There is famous saying that in a life of human being only two things are certain that is death and income tax and those who pay it knows that how true that saying is. Income tax can be classified as direct and indirect, given below are some of the differences between direct and indirect tax
- Direct taxes are those which are levied on the individual or taxpayer directly while indirect taxes are those which are levied on the individual indirectly which imply that they are raised from intermediary and not directly from individuals.
- Direct taxes are raised in the form of income tax while indirect taxes are raised in the form on excise duty, sales and service tax.
- While direct tax results in lower disposable income which in turn affect the saving and investment of an individual whereas indirect taxes leads to rise in price of products and services which in turn affects the consumption pattern of consumers across the country.
- While direct taxes are easily identifiable and higher income groups are taxed at higher rate which is justifiable as you pay according to your means and thus they tend to reduce inequality of income while indirect taxes are uniform for all individuals and it does no separate rich from poor which makes those unjustifiable for poor people.

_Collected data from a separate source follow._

(* Let $f:\mathbb{R}^m\times\mathbb{R}^n\to\mathbb{R}$ satisfy the standing assumption described in the context, and let $\kappa=L_1/\mu$. Define $G(x,y)=\big[\nabla_{11} f - \nabla_{12} f (\nabla_{22} f)^{-1} \nabla_{21} f\big](x,y)$. Then: (1) $G$ is Lipschitz continuous on $\mathbb{R}^{m+n}$ (with respect to the Euclidean norm on $(x,y)$ and the spectral norm on matrices) with constant $L_G=L_2(1+\kappa)^2$; (2) the envelope function $\Phi(x)=\max_{y\in\mathbb{R}^n} f(x,y)$ is twice differentiable with $\nabla^2\Phi(x)=G(x,y^*(x))$ for all $x\in\mathbb{R}^m$, where $y^*(x)=\arg\max_{y} f(x,y)$, and $\nabla^2\Phi$ is Lipschitz continuous with constant $L_\Phi=L_G(1+\kappa)=L_2(1+\kappa)^3$.
   Context: Standing assumption: $f:\mathbb{R}^m\times\mathbb{R}^n\to\mathbb{R}$ is twice continuously differentiable and (i) $\nabla f$ is $L_1$-Lipschitz on $\mathbb{R}^{m+n}$, and for every fixed $x$ the map $y\mapsto f(x,y)$ is $\mu$-strongly concave ($\mu>0$); (ii) the Jacobian blocks $\nabla_{11} f,\nabla_{12} f,\nabla_{21} f,\nabla_{22} f$, viewed as functions of $(x,y)$, are $L_2$-Lipschitz (Euclidean norm on $(x,y)$, spectral norm on matrices); (iii) $\Phi(x):=\max_{y\in\mathbb{R}^n}f(x,y)$ is bounded below and has compact sub-level sets. Notation: $\nabla_1 f,\nabla_2 f$ are the partial gradients in $x$ and $y$; $\nabla_{11}f$, $\nabla_{22}f$ are the partial Hessians in $x$ and $y$; $\nabla_{12}f\in\mathbb{R}^{m\times n}$ is the Jacobian of $\nabla_1 f$ with respect to $y$ and $\nabla_{21}f\in\mathbb{R}^{n\times m}$ is the Jacobian of $\nabla_2 f$ with respect to $x$. By strong concavity, $y^*(x)=\arg\max_y f(x,y)$ is unique, and $\nabla_{22}f$ is invertible. *)

From HB Require Import structures.
From mathcomp Require Import all_boot all_order all_algebra.
From mathcomp Require Import all_classical all_reals all_analysis.
Set Implicit Arguments. Unset Strict Implicit. Unset Printing Implicit Defensive.
Import Order.TTheory GRing.Theory Num.Theory.
Import numFieldNormedType.Exports.
Local Open Scope classical_set_scope.
Local Open Scope ring_scope.

Section Defs.
Variable R : realType.

Definition enorm k (v : 'cV[R]_k) : R := Num.sqrt (\sum_i (v i 0) ^+ 2).

(* Euclidean norm of the pair (x,y), i.e. of the concatenated vector in R^(m+n) *)
Definition pnorm m n (x : 'cV[R]_m) (y : 'cV[R]_n) : R :=
  Num.sqrt (enorm x ^+ 2 + enorm y ^+ 2).

Definition opnorm p q (A : 'M[R]_(p, q)) : R :=
  sup [set enorm (A *m v) | v in [set v : 'cV[R]_q | enorm v <= 1]].

Definition ebasis k (i : 'I_k) : 'cV[R]_k := delta_mx i 0.

Variables (m n : nat).
Implicit Type f : 'cV[R]_m -> 'cV[R]_n -> R.

Definition grad1 f x y : 'cV[R]_m :=
  \col_i derive (fun x' => f x' y) x (ebasis i).
Definition grad2 f x y : 'cV[R]_n :=
  \col_j derive (fun y' => f x y') y (ebasis j).

Definition hess11 f x y : 'M[R]_(m, m) :=
  \matrix_(i, k) derive (fun x' => grad1 f x' y i 0) x (ebasis k).
Definition hess12 f x y : 'M[R]_(m, n) :=
  \matrix_(i, j) derive (fun y' => grad1 f x y' i 0) y (ebasis j).
Definition hess21 f x y : 'M[R]_(n, m) :=
  \matrix_(j, i) derive (fun x' => grad2 f x' y j 0) x (ebasis i).
Definition hess22 f x y : 'M[R]_(n, n) :=
  \matrix_(j, l) derive (fun y' => grad2 f x y' j 0) y (ebasis l).

Definition fjoint f (p : 'cV[R]_m * 'cV[R]_n) : R := f p.1 p.2.
Definition gradjoint f (p : 'cV[R]_m * 'cV[R]_n) : 'cV[R]_m * 'cV[R]_n :=
  (grad1 f p.1 p.2, grad2 f p.1 p.2).

Definition C2 f : Prop :=
  (forall p, differentiable (fjoint f) p) /\
  (forall p, differentiable (gradjoint f) p) /\
  continuous (fun p : 'cV[R]_m * 'cV[R]_n => hess11 f p.1 p.2) /\
  continuous (fun p : 'cV[R]_m * 'cV[R]_n => hess12 f p.1 p.2) /\
  continuous (fun p : 'cV[R]_m * 'cV[R]_n => hess21 f p.1 p.2) /\
  continuous (fun p : 'cV[R]_m * 'cV[R]_n => hess22 f p.1 p.2).

Definition strongly_concave (mu : R) (g : 'cV[R]_n -> R) : Prop :=
  forall y y' (t : R), 0 <= t <= 1 ->
    t * g y + (1 - t) * g y' + mu / 2 * t * (1 - t) * enorm (y - y') ^+ 2
      <= g (t *: y + (1 - t) *: y').

Definition Phi f (x : 'cV[R]_m) : R := sup (range (f x)).

Definition Gmat f x y : 'M[R]_(m, m) :=
  hess11 f x y - hess12 f x y *m invmx (hess22 f x y) *m hess21 f x y.

Definition standing_assumption f (L1 L2 mu : R) : Prop :=
  C2 f /\
  (forall x y x' y',
     pnorm (grad1 f x y - grad1 f x' y') (grad2 f x y - grad2 f x' y')
       <= L1 * pnorm (x - x') (y - y')) /\
  0 < mu /\ (forall x, strongly_concave mu (f x)) /\
  (forall x y x' y',
     opnorm (hess11 f x y - hess11 f x' y') <= L2 * pnorm (x - x') (y - y') /\
     opnorm (hess12 f x y - hess12 f x' y') <= L2 * pnorm (x - x') (y - y') /\
     opnorm (hess21 f x y - hess21 f x' y') <= L2 * pnorm (x - x') (y - y') /\
     opnorm (hess22 f x y - hess22 f x' y') <= L2 * pnorm (x - x') (y - y')) /\
  (exists b, forall x, b <= Phi f x) /\
  (forall c, compact [set x | Phi f x <= c]).

Definition gradx (g : 'cV[R]_m -> R) x : 'cV[R]_m := \col_i derive g x (ebasis i).
Definition hessx (g : 'cV[R]_m -> R) x : 'M[R]_(m, m) :=
  \matrix_(i, k) derive (fun x' => gradx g x' i 0) x (ebasis k).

- While an individual can adjust his or her income tax by investing into various tax exempt investments and therefore it results in reduced direct taxes whereas indirect taxes have to be paid and there quantum cannot be reduced.
- Chances of tax evasion are more under direct taxes than it is under indirect tax structure.
- Direct tax does not lead to higher inflation but since indirect tax results in higher price for products it leads to higher inflation and therefore they put inflationary pressure on the economy of a country.
Governments across the world seldom use any of them rather they use a mix which can result in proper redistribution of income without affecting the growth and inflation of a country too much.